Thinking with Drafting: Optical Decompression via Logical Reconstruction
This addresses the problem of logical accuracy in visual reasoning for AI systems, offering a generalizable approach, though it appears incremental by building on existing multimodal models.
The paper tackles the precision paradox in multimodal large language models for complex reasoning tasks by proposing optical decompression to reconstruct latent logical structures from visual tokens, and introduces Thinking with Drafting (TwD) to draft mental models into executable code for self-verification, validated on the VisAlg benchmark.

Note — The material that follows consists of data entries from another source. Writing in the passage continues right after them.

(* Let $\beta\in(0,d]$ and let $Q\subset\mathbb{R}^d$ be a cube. Suppose $C'>0$ is a constant such that $$\sum_{k}\int_{Q_{k}} f \,d\mathcal{H}^{\beta,Q}_{\infty} \leq C' \int_{\cup_{k} Q_{k}} f\,d\mathcal{H}^{\beta,Q}_{\infty}$$ for every non-negative $f$ and every family of non-overlapping cubes $\{Q_{k}\}\subset\mathcal{D}(Q)$ which satisfies $\sum_{Q_{k} \subset Q'}l(Q_{k})^\beta \leq 2l(Q')^\beta$ for each $Q' \in \mathcal{D}(Q)$. Then $$\mathcal{H}^{\beta,Q}_{\infty}\left(\left\{ x: \mathcal{M}^{\beta,Q}_\infty f(x)>t\right\}\right) \leq \frac{C'}{t} \int_{\mathbb{R}^d} |f|\,d\mathcal{H}^{\beta,Q}_{\infty}$$ for all $t>0$ and all $f \in L^1(\mathbb{R}^d;\mathcal{H}^{\beta,Q}_{\infty})$.
   Context: For a cube $Q=a+[0,\ell)^d$ (cubes are half-open), the dyadic lattice generated by $Q$ is $\mathcal{D}(Q)=\{a+2^{-j}\ell(m+[0,1)^d): j\in\mathbb{Z}, m\in\mathbb{Z}^d\}$. The dyadic Hausdorff content adapted to $Q$ is $\mathcal{H}^{\beta,Q}_{\infty}(E)= \inf \{\sum_{i} l(Q_i)^\beta : E \subset \bigcup_{i} Q_i,\ Q_i \in \mathcal{D}(Q) \}$, $l(\cdot)$ the side length. For $f\ge0$ and a set $A$, $\int_A f\,d\mathcal{H}^{\beta,Q}_\infty=\int_0^\infty \mathcal{H}^{\beta,Q}_\infty(\{x\in A:f(x)>t\})\,dt$. $f$ is $\mathcal{H}^{\beta,Q}_\infty$-quasicontinuous if for every $\epsilon>0$ there is an open $O$ with $\mathcal{H}^{\beta,Q}_\infty(O)<\epsilon$ and $f|_{O^c}$ continuous; $L^1(\mathbb{R}^d;\mathcal{H}^{\beta,Q}_\infty)$ is the set of such $f$ with $\int_{\mathbb{R}^d}|f|\,d\mathcal{H}^{\beta,Q}_\infty<\infty$. The dyadic maximal function is $\mathcal{M}^{\beta,Q}_\infty f(x) = \sup_{Q' \in\mathcal{D}(Q)} \chi_{Q'}(x)\, l(Q')^{-\beta} \int_{Q'} |f| \,d\mathcal{H}^{\beta,Q}_{\infty}$. *)

From HB Require Import structures.
From mathcomp Require Import all_boot all_order all_algebra.
From mathcomp Require Import all_classical all_reals all_analysis.
Set Implicit Arguments. Unset Strict Implicit. Unset Printing Implicit Defensive.
Import Order.TTheory GRing.Theory Num.Theory.
Import numFieldNormedType.Exports.
Local Open Scope classical_set_scope.
Local Open Scope ring_scope.
Lemma im_zero_lipschitz e u1 v1 u2 v2 : box u1 v1 e -> box u2 v2 e ->
  im_P7 (6 + u1) e (3 + v1) = 0 -> im_P7 (6 + u2) e (3 + v2) = 0 ->
  Rabs (v2 - v1) <= Rabs (u2 - u1) /\
  Rabs (re_P7 (6 + u2) e (3 + v2) - re_P7 (6 + u1) e (3 + v1)) <= 2000000 * Rabs (u2 - u1).
Proof.
  intros B1 B2 I1 I2.
  destruct (im_P7_slopes _ _ _ _ _ _ B1 B2) as (c & d & s & Ei & Hc & Hd & _).
  destruct (re_P7_slopes _ _ _ _ _ _ B1 B2) as (a & b & r & Er & Ha & Hb & _).
  rewrite I1, I2 in Ei. rewrite (Rminus_diag e), Rmult_0_l, Rplus_0_r in Ei, Er.
  set (du := u2 - u1) in *. set (dv := v2 - v1) in *.
  assert (Hv : Rabs dv <= Rabs du).
  { assert (Rabs dv * 294534 <= Rabs (dv * d))
      by (apply Rabs_mult_ge; rewrite Rabs_left; lra).
    assert (Rabs (du * c) <= Rabs du * 78750)
      by (apply Rabs_mult_le; [apply Rle_refl | apply Rabs_le_between; lra]).
    replace (dv * d) with (- (du * c)) in * by lra. rewrite Rabs_Ropp in *.
    pose proof (Rabs_pos du). lra. }
  split; [exact Hv|].
  rewrite Er.
  assert (Rabs (du * a) <= Rabs du * 1404392)
    by (apply Rabs_mult_le; [apply Rle_refl | apply Rabs_le_between; lra]).
  assert (Rabs (dv * b) <= Rabs du * 151028)
    by (apply Rabs_mult_le; [exact Hv | apply Rabs_le_between; lra]).
  pose proof (Rabs_triang (du * a) (dv * b)). pose proof (Rabs_pos du). lra.
Qed.

Lemma critical_unique e u1 v1 u2 v2 : critical e u1 v1 -> critical e u2 v2 -> u1 = u2 /\ v1 = v2.
Proof.
  intros (B1 & R1 & I1) (B2 & R2 & I2).
  destruct (re_P7_slopes _ _ _ _ _ _ B1 B2) as (a & b & r & Er & Ha & Hb & _).
  destruct (im_P7_slopes _ _ _ _ _ _ B1 B2) as (c & d & s & Ei & Hc & Hd & _).
  rewrite R1, R2 in Er. rewrite I1, I2 in Ei.
  rewrite (Rminus_diag e), Rmult_0_l, Rplus_0_r in Ei, Er.
  pose proof (jacobian_det_bound a b c d Ha Hb Hc Hd).
  destruct (cramer_trivial a b c d (u2 - u1) (v2 - v1)); lra.
Qed.

Lemma critical_exists e : 0 <= e <= / 1000000 -> exists u v, critical e u v.
Proof.
  intros He.
  assert (Hclamp : forall a, Rabs (clamp (/ 1000) a) <= / 1000)
    by (intro; apply Rabs_clamp_le; lra).
  pose (v_of a := proj1_sig (im_P7_root (clamp (/ 1000) a) e (Hclamp a) He)).
  assert (Hv : forall a, box (clamp (/ 1000) a) (v_of a) e /\
                    im_P7 (6 + clamp (/ 1000) a) e (3 + v_of a) = 0).
  { intro a. destruct (proj2_sig (im_P7_root (clamp (/ 1000) a) e (Hclamp a) He)) as [Hb Hi].
    split; [apply box_intro; [apply Hclamp | apply Rabs_le_between, Hb | exact He] | exact Hi]. }
  (* Along the root curve of im_P7, re_P7 is Lipschitz in u; clamping u to the box makes it a
     continuous function on all of R, as IVT requires. *)
  pose (h a := re_P7 (6 + clamp (/ 1000) a) e (3 + v_of a)).
  assert (Hh : continuity h).
  { apply lipschitz_continuity with 2000000. intros a b.
    destruct (Hv a) as [Ba Ia]. destruct (Hv b) as [Bb Ib].
    destruct (im_zero_lipschitz _ _ _ _ _ Bb Ba Ib Ia) as [_ L].
    pose proof (clamp_lipschitz (/ 1000) a b). unfold h. lra. }
  assert (Hd : Rabs (/ 1000) <= / 1000) by (apply Rabs_le_between; lra).
  assert (Hmd : Rabs (- / 1000) <= / 1000) by (apply Rabs_le_between; lra).
  destruct (Hv (/ 1000)) as [Bp Ip]. destruct (Hv (- / 1000)) as [Bm Im].
  rewrite clamp_id in Bp, Ip by exact Hd. rewrite clamp_id in Bm, Im by exact Hmd.
  destruct (IVT h (- / 1000) (/ 1000) Hh) as (a & Ha & Ha0).
  - lra.
  - unfold h. rewrite clamp_id by exact Hmd.
    apply (re_P7_sign_on_im_zero _ _ _ Bm Im). lra.
  - unfold h. rewrite clamp_id by exact Hd.
    apply (re_P7_sign_on_im_zero _ _ _ Bp Ip). lra.
  - assert (Hda : Rabs a <= / 1000) by (apply Rabs_le_between; lra).
    destruct (Hv a) as [Ba Ia]. unfold h in Ha0. rewrite clamp_id in Ba, Ia, Ha0 by exact Hda.
    exists a, (v_of a). exact (conj Ba (conj Ha0 Ia)).
Qed.

Lemma critical_unique_imag_pair e u v : 0 <= e -> critical e u v ->
  unique_imag_pair (6 + u) e (sqrt (3 + v)).
Proof.
  intros He0 ((Hu & Hv & He) & R0 & I0).
  assert (Hx : 0 < 3 + v) by (apply Rabs_le_between in Hv; lra).
  set (x := 3 + v) in *.
  assert (Hw2 : sqrt x ^ 2 = x) by (rewrite <- Rsqr_pow2; apply Rsqr_sqrt; lra).
  split; [apply sqrt_lt_R0; exact Hx|].
  intros [a b] [Ha Hb]. simpl in Ha, Hb. subst a.
  rewrite P7_imaginary_axis_root. split.
  - intros [HR HI].
    apply Rmult_integral in HI. destruct HI as [HI | HI]; [contradiction|].
    assert (Hb2 : b ^ 2 = x)
      by (apply (im_P7_root_unique u e); auto using pow2_ge_0; lra).
    assert (Z : (b - sqrt x) * (b + sqrt x) = 0)
      by (transitivity (b ^ 2 - sqrt x ^ 2); [ring | rewrite Hb2, Hw2; ring]).
    apply Rmult_integral in Z. destruct Z as [Z | Z]; [left | right]; f_equal; lra.
  - assert (Hm : (- sqrt x) ^ 2 = x) by (rewrite <- Hw2 at 2; ring).
    intros [H | H]; injection H as ->; [rewrite Hw2 | rewrite Hm]; rewrite R0, I0; split; ring.
Qed.

Lemma unique_imag_pair_critical m e w : Rabs (m - 6) <= / 1000 -> 0 <= e <= / 1000000 ->
  unique_imag_pair m e w -> critical e (m - 6) (w ^ 2 - 3).
Proof.
  intros Hm He [Hw Hpair].
  assert (H0 : P7 (0, w) m e = 0%C)
    by (apply Hpair; [split; simpl; lra | left; reflexivity]).
  apply P7_imaginary_axis_root in H0. destruct H0 as [HR HI].
  apply Rmult_integral in HI. destruct HI as [HI | HI]; [lra|].
  replace m with (6 + (m - 6)) in HR, HI by ring.
  pose proof (im_P7_root_window _ _ _ Hm He (pow2_ge_0 w) HI) as Hx.
  replace (w ^ 2) with (3 + (w ^ 2 - 3)) in HR, HI by ring.
  split; [apply box_intro; [exact Hm | apply Rabs_le_between; exact Hx | exact He]|].
  split; assumption.
Qed.

Definition critical_shift (e : R) : R * R :=
  epsilon (inhabits (0, 0)) (fun uv => critical e (fst uv) (snd uv)).

Lemma critical_shift_spec e : 0 <= e <= / 1000000 ->
  critical e (fst (critical_shift e)) (snd (critical_shift e)).
Proof.
  intro He. apply (epsilon_spec (inhabits (0, 0)) (fun uv => critical e (fst uv) (snd uv))).
  destruct (critical_exists e He) as (u & v & H). exists (u, v). exact H.
Qed.

Theorem proposition5p1 :
  exists (eps0 delta : R) (mc w : R -> R),
    0 < eps0 /\ 0 < delta /\
    (forall e, 0 < e < eps0 -> 6 - delta < mc e < 6 + delta) /\
    filterlim mc (at_right 0) (locally 6) /\
    (forall e, 0 < e < eps0 -> unique_imag_pair (mc e) e (w e)) /\
    filterlim w (at_right 0) (locally (sqrt 3)) /\
    (* uniqueness of m^c among functions with the same properties *)
    (forall g : R -> R,
       (forall e, 0 < e < eps0 -> 6 - delta < g e < 6 + delta) ->
       filterlim g (at_right 0) (locally 6) ->
       (forall e, 0 < e < eps0 -> exists we, unique_imag_pair (g e) e we) ->
       forall e, 0 < e < eps0 -> g e = mc e).
Proof.
  pose (u e := fst (critical_shift e)). pose (v e := snd (critical_shift e)).
  assert (Hc : forall e, 0 < e < / 1000000 -> critical e (u e) (v e))
    by (intros e He; apply critical_shift_spec; lra).
  assert (Hs : forall e, 0 < e < / 1000000 -> Rabs (u e) <= 45 * e /\ Rabs (v e) <= 23 * e)
    by (intros e He; apply critical_small; [lra | apply Hc, He]).
  exists (/ 1000000), (/ 1000), (fun e => 6 + u e), (fun e => sqrt (3 + v e)).
  split; [lra|]. split; [lra|]. split; [|split; [|split; [|split]]].
  - intros e He. destruct (Hs e He) as [Hu _]. rewrite Rabs_le_between in Hu. lra.
  - apply (filterlim_at_right_of_linear_bound _ _ 45 (/ 1000000)); [lra|].
    intros e He. replace (6 + u e - 6) with (u e) by ring. apply Hs, He.
  - intros e He. apply (critical_unique_imag_pair e); [lra | apply Hc, He].
  - apply (filterlim_at_right_of_linear_bound _ _ 23 (/ 1000000)); [lra|].
    intros e He. destruct (Hs e He) as [_ Hv]. destruct (Hc e He) as ((_ & Hb & _) & _).
    rewrite Rabs_le_between in Hb.
    eapply Rle_trans; [apply sqrt_sub_le; lra|]. replace (3 + v e - 3) with (v e) by ring. exact Hv.
  - intros g Hg _ Hw e He. destruct (Hw e He) as [we Hwe].
    assert (Hge : Rabs (g e - 6) <= / 1000) by (apply Rabs_le_between; specialize (Hg e He); lra).
    pose proof (unique_imag_pair_critical (g e) e we Hge ltac:(lra) Hwe) as Hcg.
    destruct (critical_unique e _ _ _ _ Hcg (Hc e He)) as [Hu _]. lra.
Qed.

Existing multimodal large language models have achieved high-fidelity visual perception and exploratory visual generation. However, a precision paradox persists in complex reasoning tasks: optical perception systems transcribe symbols without capturing logical topology, while pixel-based generative models produce visual artifacts lacking mathematical exactness. To bridge this gap, we propose that reasoning over visual inputs be reconceptualized as optical decompression-the process of reconstructing latent logical structures from compressed visual tokens. Guided by the axiom that Parsing is Reasoning, we introduce Thinking with Drafting (TwD), which utilizes a minimalist Domain-Specific Language (DSL) as a grounding intermediate representation. Unlike standard approaches that hallucinate answers directly, TwD forces the model to draft its mental model into executable code, rendering deterministic visual proofs for self-verification. To validate this, we present VisAlg, a visual algebra benchmark. Experiments demonstrate that TwD serve as a superior cognitive scaffold. Our work establishes a closed-loop system where visual generation acts not as a creative output but as a logical verifier, offering a generalizable path for visual reasoning.